Telepolis special Kosmologie

Telepolis serait un magazine que j’achèterais et lirais si j’avais le temps. Mais j’ai tout de même craqué pour le « special Kosmologie ».

Sur la couverture, la question fondamentale : « Où sont-ils ? »

Suivent une série d’articles sur le destin à long terme de l’humanité dans l’univers, la possibilité d’une vie extraterrestre, le programme SETI (radio ou optique), etc :

- Les mystères encore mystérieux de l’univers et les frontières actuelles de la science : sursauts gamma, déctecteur géant de neutrinos au pôle sud, détecteurs d’ondes gravitationnelles à la précision diabolique, fin possible de l’univers…

- Le multivers peut exister de plusieurs manières : tout simplement d’abord sous forme de volumes de Hubble dans un univers infini, et à 10^10^118 mètres de nous existe un monde quasi identique au nôtre, qui restera à jamais inconnu à cause des distances et de l’expansion universelle ; ensuite sous forme d’une interminable série d’univers répartis le long d’autres dimensions ; enfin sous forme de duplication d’univers nés à chaque fois qu’une fonction d’onde est observée. Que nous soyons dans un univers miraculeusement adapté à la vie (toutes proportions gardées) s’explique par le principe anthropique au sein de cette infinité d’univers possibles.

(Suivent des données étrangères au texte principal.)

Definition Uproc (g : R) (Sref P : R -> R) (tau : nat -> R) (m : nat) (t : R) : R :=
  sum_f_R0 (fun i => if Rle_dec (tau i) t then negp (Jump g Sref P tau i) else 0) m.

(** Along the arrival times the log pool price moves only by the jumps [-J_i],
    so [ln P = ln P_0 + U - L] by telescoping, and the mispricing is the free
    path [ln S - ln P_0] pushed by [L - U] into [[ln g, -ln g]].  This is a
    discrete Skorokhod problem: [L] increases only at arrivals where the
    mispricing is clipped at the lower barrier [ln g], and there the barrier
    constraint [ln g <= ln S - ln P_0 + L - U] is an equality.  A nondecreasing
    sum that dominates a sequence and equals it at every increase is the
    running maximum of that sequence (and of 0), which gives the supremum
    formulas; the same argument at the upper barrier handles [U]. *)

From Stdlib Require Import Reals Lra Lia.
Open Scope R_scope.

Lemma ln_le x y : 0 < x -> x <= y -> ln x <= ln y.
Proof.
  intros Hx [Hxy | <-]; [left; apply ln_increasing |]; lra.
Qed.

Lemma posp_sub_negp x : posp x - negp x = x.
Proof. unfold posp, negp, Rmax; repeat destruct Rle_dec; lra. Qed.

Lemma posp_0 : posp 0 = 0.
Proof. unfold posp; apply Rmax_left, Rle_refl. Qed.

Lemma negp_0 : negp 0 = 0.
Proof. unfold negp; rewrite Ropp_0; apply Rmax_left, Rle_refl. Qed.

Lemma posp_ge0 x : 0 <= posp x.
Proof. unfold posp; apply Rmax_r. Qed.

Lemma negp_ge0 x : 0 <= negp x.
Proof. unfold negp; apply Rmax_r. Qed.

Lemma posp_gt0 x : 0 < posp x -> 0 < x.
Proof. unfold posp, Rmax; destruct Rle_dec; lra. Qed.

Lemma negp_gt0 x : 0 < negp x -> x < 0.
Proof. unfold negp, Rmax; destruct Rle_dec; lra. Qed.

Section Clip.

Variable g : R.
Hypothesis ln_g_le0 : ln g <= 0.

Lemma clip_bounds z : ln g <= clip g z <= - ln g.
Proof. unfold clip, Rmax, Rmin; repeat destruct Rle_dec; lra. Qed.

Lemma clip_id z : ln g <= z <= - ln g -> clip g z = z.
Proof. unfold clip, Rmax, Rmin; repeat destruct Rle_dec; lra. Qed.

Lemma clip_lower z : z < clip g z -> clip g z = ln g.
Proof. unfold clip, Rmax, Rmin; repeat destruct Rle_dec; lra. Qed.

Lemma clip_upper z : clip g z < z -> clip g z = - ln g.
Proof. unfold clip, Rmax, Rmin; repeat destruct Rle_dec; lra. Qed.

End Clip.

Lemma sum_f_R0_le_nonneg (c : nat -> R) j n :
  (forall i, (i <= n)%nat -> 0 <= c i) -> (j <= n)%nat ->
  sum_f_R0 c j <= sum_f_R0 c n.
Proof.
  induction n as [| n IHn]; intros Hc Hjn.
  - replace j with 0%nat by lia; lra.
  - destruct (Nat.eq_dec j (S n)) as [-> | Hne]; [lra |].
    simpl; pose proof (Hc (S n) (le_n _)).
    enough (sum_f_R0 c j <= sum_f_R0 c n) by lra.
    apply IHn; [intros i Hi; apply Hc |]; lia.
Qed.

Lemma partial_sum_is_lub_running_max (c f : nat -> R) n :
  c 0%nat = 0 ->
  (forall i, (i <= n)%nat -> 0 <= c i) ->
  (forall i, (i <= n)%nat -> f i <= sum_f_R0 c i) ->
  (forall i, (S i <= n)%nat -> 0 < c (S i) -> sum_f_R0 c (S i) = f (S i)) ->
  is_lub (fun x => exists j, (j <= n)%nat /\ x = Rmax (f j) 0) (sum_f_R0 c n).
Proof.
  intros Hc0 Hc Hdom Hhit.
  assert (Hmono : forall j k, (j <= k <= n)%nat -> sum_f_R0 c j <= sum_f_R0 c k).
  { intros j k Hjk; apply sum_f_R0_le_nonneg; [intros i Hi; apply Hc |]; lia. }
  assert (Hnonneg : forall k, (k <= n)%nat -> 0 <= sum_f_R0 c k).
  { intros k Hk; rewrite <- Hc0; apply (Hmono 0%nat); lia. }
  assert (Hattained : forall k, (k <= n)%nat ->
            exists j, (j <= k)%nat /\ sum_f_R0 c k = Rmax (f j) 0).
  { induction k as [| k IHk]; intros Hk.
    - exists 0%nat; split; [lia |].
      rewrite Rmax_right; [exact Hc0 |].
      specialize (Hdom 0%nat Hk); simpl in Hdom; lra.
    - destruct (Rle_lt_or_eq_dec 0 (c (S k)) (Hc _ Hk)) as [Hpos | Hzero].
      + exists (S k); split; [lia |].
        rewrite Rmax_left; [apply Hhit; assumption |].
        rewrite <- Hhit by assumption; apply Hnonneg, Hk.
      + destruct (IHk ltac:(lia)) as [j [Hj Hsum]].
        exists j; split; [lia |].
        simpl; rewrite <- Hzero, Hsum; ring. }
  split.
  - intros x [j [Hj ->]]; apply Rmax_lub.
    + apply (Rle_trans _ (sum_f_R0 c j)); [apply Hdom | apply Hmono]; lia.
    + apply Hnonneg, le_n.
  - intros b Hb.
    destruct (Hattained n (le_n _)) as [j [Hj ->]].
    apply Hb; exists j; split; [lia | reflexivity].
Qed.

Definition is_last_arrival (tau : nat -> R) (m : nat) (t : R) (k : nat) : Prop :=
  (k <= m)%nat /\ forall i, (i <= m)%nat -> (tau i <= t <-> (i <= k)%nat).

Section LastArrival.

Variables (tau : nat -> R) (m : nat) (t : R) (k : nat).
Hypothesis Hlast : is_last_arrival tau m t k.

Lemma sum_arrivals_before (f : nat -> R) :
  sum_f_R0 (fun i => if Rle_dec (tau i) t then f i else 0) m = sum_f_R0 f k.
Proof.
  destruct Hlast as [Hkm Hiff].
  enough (Htrunc : forall n, (n <= m)%nat ->
            sum_f_R0 (fun i => if Rle_dec (tau i) t then f i else 0) n
            = sum_f_R0 f (Nat.min n k)).
  { rewrite Htrunc, Nat.min_r by lia; reflexivity. }
  induction n as [| n IHn]; intros Hn; simpl sum_f_R0 at 1.
  - destruct Rle_dec as [_ | Hnot]; [reflexivity |].
    exfalso; apply Hnot, Hiff; lia.
  - rewrite IHn by lia.
    destruct (Compare_dec.le_lt_dec (S n) k) as [Hle | Hlt].
    + destruct Rle_dec as [_ | Hnot]; [| exfalso; apply Hnot, Hiff; lia].
      rewrite !Nat.min_l by lia; reflexivity.
    + destruct Rle_dec as [Hti | _]; [apply Hiff in Hti; lia |].
      rewrite !Nat.min_r by lia; ring.
Qed.

Lemma is_lub_arrivals_before (F G : nat -> R) (l : R) :
  (forall i, (i <= m)%nat -> F i = G i) ->
  is_lub (fun x => exists j, (j <= k)%nat /\ x = G j) l ->
  is_lub (fun x => exists i, (i <= m)%nat /\ tau i <= t /\ x = F i) l.
Proof.
  destruct Hlast as [Hkm Hiff]; intros HFG [Hub Hleast]; split.
  - intros x [i [Hi [Hti ->]]].
    rewrite HFG by assumption; apply Hub.
    exists i; split; [apply Hiff |]; auto.
  - intros b Hb; apply Hleast.
    intros x [j [Hj ->]]; apply Hb.
    exists j; split; [lia | split; [apply Hiff; lia | symmetry; apply HFG; lia]].
Qed.

End LastArrival.

Section IncreasingArrivals.

Variables (tau : nat -> R) (m : nat).
Hypothesis htau_incr : forall i, (i < m)%nat -> tau i < tau (S i).

Lemma arrival_lt i j : (i < j <= m)%nat -> tau i < tau j.
Proof.
  induction j as [| j IHj]; intros Hij; [lia |].
  destruct (Nat.eq_dec i j) as [-> | Hne]; [apply htau_incr; lia |].
  apply (Rlt_trans _ (tau j)); [apply IHj | apply htau_incr]; lia.
Qed.

Lemma arrival_le_iff i j : (i <= m)%nat -> (j <= m)%nat ->
  (tau i <= tau j <-> (i <= j)%nat).
Proof.
  intros Hi Hj; split; intros Hij.
  - destruct (Compare_dec.le_lt_dec i j) as [| Hlt]; [assumption |].
    pose proof (arrival_lt j i ltac:(lia)); lra.
  - destruct (Nat.eq_dec i j) as [-> | Hne]; [lra |].
    left; apply arrival_lt; lia.
Qed.

Lemma is_last_arrival_at i : (i <= m)%nat -> is_last_arrival tau m (tau i) i.
Proof. intros Hi; split; [assumption |]; intros j Hj; apply arrival_le_iff; assumption. Qed.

- L’énergie négative (pas l’antimatière, qui est positive, mais la vraie négative) n’est déjà pas un objet que l’on manie tous les jours hors de l’effet Casimir. En théorie, cela pourrait servir à voyager plus vite que la lumière, ou traverser des trous noirs. En théorie aussi ça n’avancera en pratique à rien (fichu principe d’incertitude !).

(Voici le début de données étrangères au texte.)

Theorem theorem4p10 (Rr Pp : R) (n : nat) (strat : nat -> strategy) (istar : nat) :
  1 > Rr -> Rr > Pp -> Pp > 0 -> 2 * Rr > 1 -> Pp < 1 / 2 ->
  (forall i, (i < n)%nat -> valid_strategy (strat i)) ->
  (istar < n)%nat ->
  extortionate Rr Pp (strat istar) ->
  init (strat istar) = false ->
  (forall j, (j < n)%nat -> j <> istar -> ~ firm (strat j)) ->
  EUS n (Amat Rr Pp strat) istar /\ vertex_repellor n (Amat Rr Pp strat) istar.
Proof.
  intros HR1 HRP HP0 H2R HP2 Hv Hi Hext Hinit Hnf.
  assert (HE : EUS n (Amat Rr Pp strat) istar).
  { intros j Hj Hji. unfold Amat.
    rewrite longrun_firm_defector_self by (auto; apply Hext).
    destruct (extortionate_weights Rr Pp _ (Hv istar Hi) Hext)
      as (al & be & ga & Hdec & Hal & Hbe).
    apply Rlt_gt, (longrun_gt_P_against_firm_ZD Rr Pp al be ga); auto; try lra.
    - apply Hext.
    - pose proof (valid_p4 _ (Hv j Hj)). pose proof (Hnf j Hj Hji). unfold firm in *. lra. }
  split; auto. apply vertex_repellor_of_EUS; auto.
Qed.
Theorem theorem1 (a b k lam : R) (f : R -> R)
  (hab : a < b) (hk : 0 < k) (hlam : 0 < lam <= PI / 2)
  (hf : C3_on a b f) :
  exists C : R,
  forall epsn : nat -> R, (forall n, in_J a b k lam n (epsn n)) ->
    (forall n,
       (exists y, neumann_sol a b (epsn n) k f y) /\
       (forall y z, neumann_sol a b (epsn n) k f y ->
                    neumann_sol a b (epsn n) k f z ->
                    forall t, a <= t <= b -> y t = z t) /\
       (forall y, neumann_sol a b (epsn n) k f y ->
          forall t, a <= t <= b -> Rabs (y t - f t / k) <= C * sqrt (epsn n)))
    /\
    (forall ys : nat -> R -> R,
       (forall n, neumann_sol a b (epsn n) k f (ys n)) ->
       forall e, 0 < e -> exists N, forall n, (N <= n)%nat ->
         forall t, a <= t <= b -> Rabs (ys n t - f t / k) < e).
Proof.
  destruct hf as [f1 [f2 [f3 [F [F1 [F2 _]]]]]].
  destruct (cont_on_bounded a b f2 ltac:(lra) (deriv_on_cont_on _ _ _ _ F2)) as [M2 HM2].
  set (C := (Rabs (f1 a) + Rabs (f1 b) + M2 * (b - a)) / (k * sqrt k * sin lam)).
  exists C. intros epsn HJ.
  assert (Herr : forall n y, neumann_sol a b (epsn n) k f y ->
      forall t, a <= t <= b -> Rabs (y t - f t / k) <= C * sqrt (epsn n))
    by (intros n y; exact (neumann_sol_error_in_J _ _ _ _ _ _ _ _ _ _ _ hab hk hlam (HJ n) F F1 HM2)).
  split.
  - intros n.
    pose proof (in_J_pos _ _ _ _ _ _ hab hk hlam (HJ n)) as he.
    pose proof (in_J_sin_neq0 _ _ _ _ _ _ hab hk hlam (HJ n)) as hs.
    split; [|split; [|exact (Herr n)]].
    + apply neumann_sol_exists; [assumption .. | eapply deriv_on_cont_on; eassumption | exact hs].
    + intros y z. now apply neumann_sol_unique.
  - intros ys Hys e he.
    destruct (in_J_scaled_sqrt_eventually_lt a b k lam epsn C e hab hk hlam HJ he) as [N HN].
    exists N. intros n hn t ht.
    exact (Rle_lt_trans _ _ _ (Herr n (ys n) (Hys n) t ht) (HN n hn)).
Qed.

- Stephen Hawking himself évoque la possibilité d’une vie intelligente dans l’univers, et ajoute des réflexions pas très nouvelles sur la fragilité de la vie sur Terre avec ces humains et leur bombe atomique, le passage à un type d’évolution qui ne soit plus darwiniste, ou des solutions possibles connues au paradoxe de Fermi. La remarque que je retiens : la vie datant quasiment du refroidissement de la Terre, on peut considérer que son apparition est facile et commune ; par contre il a fallu attendre trois milliards d’années pour voir apparaître la vie multicellulaire, c’est peut-être donc cette étape qui est hautement improbable.

- Et ce paradoxe de Fermi (je rappelle que j’ai déjà radoté là-dessus ici) revient comme une rengaine. Deux articles surtout énumèrent des hypothèses souvent déjà connues par qui s’intéresse au sujet : impossibilité du vol interstellaire, causes sociales, autodestruction systématique… Pour Ian Crawford encore, les dinosaures montrent que la vie pourrait prospérer sans mener inéluctablement à l’intelligence.
D’autres hypothèses : les artefacts nous crèvent les yeux mais nous les interprétons comme des phénomènes naturels (pulsars ?), nous ne savons pas reconnaître les extra-terrestres car ils diffèrent trop de nous (exemple de la fourmi sur une autoroute incapable de découvrir la civilisation humaine) ; ils nous observent depuis toujours (scénario « du monolithe ») et nous découvrirons un jour leurs traces dans notre système solaire (un article discute de ce que ce pourrait être) ; nous vivons dans une zone de la Galaxie ou de l’univers exceptionnellement riche en éléments lourds ; toute civilisation est vite victime d’un univers finalement très dangereux (au moins jusque récemment) : supernovas, rayons gamma…

- L’équation de Drake, formulée en 1961 dans un minuscule congrès, n’a pas réclamé grand effort à son auteur, qui s'étonne de son succès. Les premiers facteurs (nombre d’étoiles et planètes) sont mieux estimés à présent ; les autres restent des devinettes. Il y manquerait cependant un facteur Pb (Politicians & bigotry) : un seul membre du Congrès américain peut couper les ailes au SETI.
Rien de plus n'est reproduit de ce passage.